Training Data Sources
-
Public Web Data
Status: Reported
Citation: Cohere's technical documentation and public statements.
Like its competitors, Cohere's foundational models are trained on a large, undisclosed corpus of data scraped from the public internet. This creates a latent risk of copyright infringement.
-
Proprietary Licensed Data
Status: Reported
Citation: Cohere's public statements and partnership agreements.
Cohere reports using proprietary, licensed datasets to improve the quality of its models. As an enterprise-focused company, access to high-quality, specialized data is a key part of its value proposition. The sources are not public.
-
Customer Data for Fine-Tuning
Status: Confirmed
Citation: Cohere's private deployment and data security documentation.
A core part of Cohere's business model is allowing customers to fine-tune models on their own proprietary data within a secure, private environment (e.g., the customer's own cloud). Cohere contractually guarantees that this data is not used to train its generally available models.
-
Copyrighted News Articles
Status: Alleged
Citation: Advance Local Media LLC v. Cohere Inc. lawsuit.
A consortium of news publishers is suing Cohere, alleging that their copyrighted articles were used to train Cohere's enterprise-focused models without permission. This lawsuit directly challenges Cohere's 'black box' of training data.
Overview: Enterprise-Focused & Private Deployments
Cohere is a Canadian AI company that builds large language models with a clear focus on enterprise customers. Their strategy revolves around providing models that can be deployed in a private, secure environment (e.g., a customer’s own cloud or on-premise), which is a key differentiator for businesses concerned with data privacy. Their models are proprietary and accessed via API.
Key Models & Capabilities
Cohere offers a suite of models tailored for enterprise applications:
- Command Series (Command, Command R, Command R+): These are the flagship text generation models, designed for a wide range of tasks from copywriting to complex summarization.
- Rerank: This is a specialized model designed to improve the accuracy of enterprise search systems. Rather than generating new text, it re-orders a list of existing documents for relevance. From a copyright perspective, this model is likely lower risk as it does not create new content.
- Embed: A model for generating vector embeddings from text, used to power semantic search and other NLP applications.
Training Data & Copyright Risk
Cohere’s approach to training data presents a familiar “black box” problem, but its business model offers a different way of managing the associated risks.
- Stated Sources: Like its competitors, Cohere reports using a mix of publicly available data and licensed data.

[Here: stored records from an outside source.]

(* Let $f\in K[z]$ be a polynomial of degree $d\ge2$ with $\mathrm{Crit}(f)\cap J(f)\neq\emptyset$. Then there exist a constant $M\ge1$ and $N\ge 1$ such that for every $c\in\mathrm{Crit}(f)\cap J(f)$ and every $n\ge N$, the iterate $f^n$ has at most $M$ critical values (in $K$) lying in the disk $D_n(c)$.
   Context: $K$ is an algebraically closed field of characteristic $0$, complete with respect to a nontrivial nonarchimedean absolute value $|\cdot|$; $D(x,r)=\{y\in K:|y-x|<r\}$. Set $p=\mathrm{res.char}(K)$ if positive and $p=e$ otherwise. $\mathsf{P}^1$ is the Berkovich projective line over $K$, $\mathsf{A}^1=\mathsf{P}^1\setminus\{\infty\}$; $\|g\|_\xi$ is the value at $g$ of the seminorm $\xi$; a point corresponding to a closed disk $\overline D(x,r)$ has $\|g\|_\xi=\sup_{\overline D(x,r)}|g|$ and $\mathrm{diam}(\xi)=r$. $\deg_\xi f$ is the local degree, $\kappa(f)=\min\{\log_p|\deg_\xi f|:\xi\in\mathsf{P}^1\}$. $\mathcal{K}(f)$ is the set of $\xi\in\mathsf{A}^1$ with $f^n(\xi)\not\to\infty$, $J(f)=\partial\mathcal{K}(f)$. $\mathrm{Crit}(f)\subset K$ is the set of zeros of $f'$; critical values of $f^n$ are images under $f^n$ of zeros of $(f^n)'$. The base point $\xi_f$ corresponds to the smallest closed disk in $K$ containing $\mathcal{K}(f)\cap K$, $R_f=\mathrm{diam}(\xi_f)$, $\Xi_f=p^{-\kappa(f)}\|f'\|_{\xi_f}$, and for $s>0$, $x\in K$: $D_s(x)=D(x,R_f\Xi_f^{-s})$. *)

From HB Require Import structures.
From mathcomp Require Import all_boot all_order all_algebra.
From mathcomp Require Import boolp classical_sets reals sequences exp.
Set Implicit Arguments. Unset Strict Implicit. Unset Printing Implicit Defensive.
Import Order.TTheory GRing.Theory Num.Theory.
Local Open Scope ring_scope.
Local Open Scope classical_set_scope.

Details about these licensed sources are not public.
- Lack of Transparency: The company has not disclosed the specific datasets used for its core model training. This creates a latent risk of copyright infringement, as the models may have been trained on copyrighted web content.
Legal & Liability Considerations
Cohere’s enterprise focus shapes its approach to liability and risk management.
Private Deployment as a Risk Mitigator
- Cohere allows customers to deploy models within their own virtual private cloud (VPC) or even on-premise. This means a customer’s proprietary data, used for fine-tuning, never leaves their secure environment and is not used to train Cohere’s general-purpose models.
- This “data privacy” guarantee is a core part of their sales pitch to enterprises. It contractually separates a customer’s sensitive data from Cohere’s foundational training data, reducing the risk of data leakage.
No Public IP Indemnity & Active Litigation
- Unlike Amazon, Cohere does not publicly advertise a broad IP indemnity for copyright claims. This is notable as Cohere is a defendant in a publisher lawsuit, Advance Loc. Media v. Cohere (Judge McMahon, SDNY).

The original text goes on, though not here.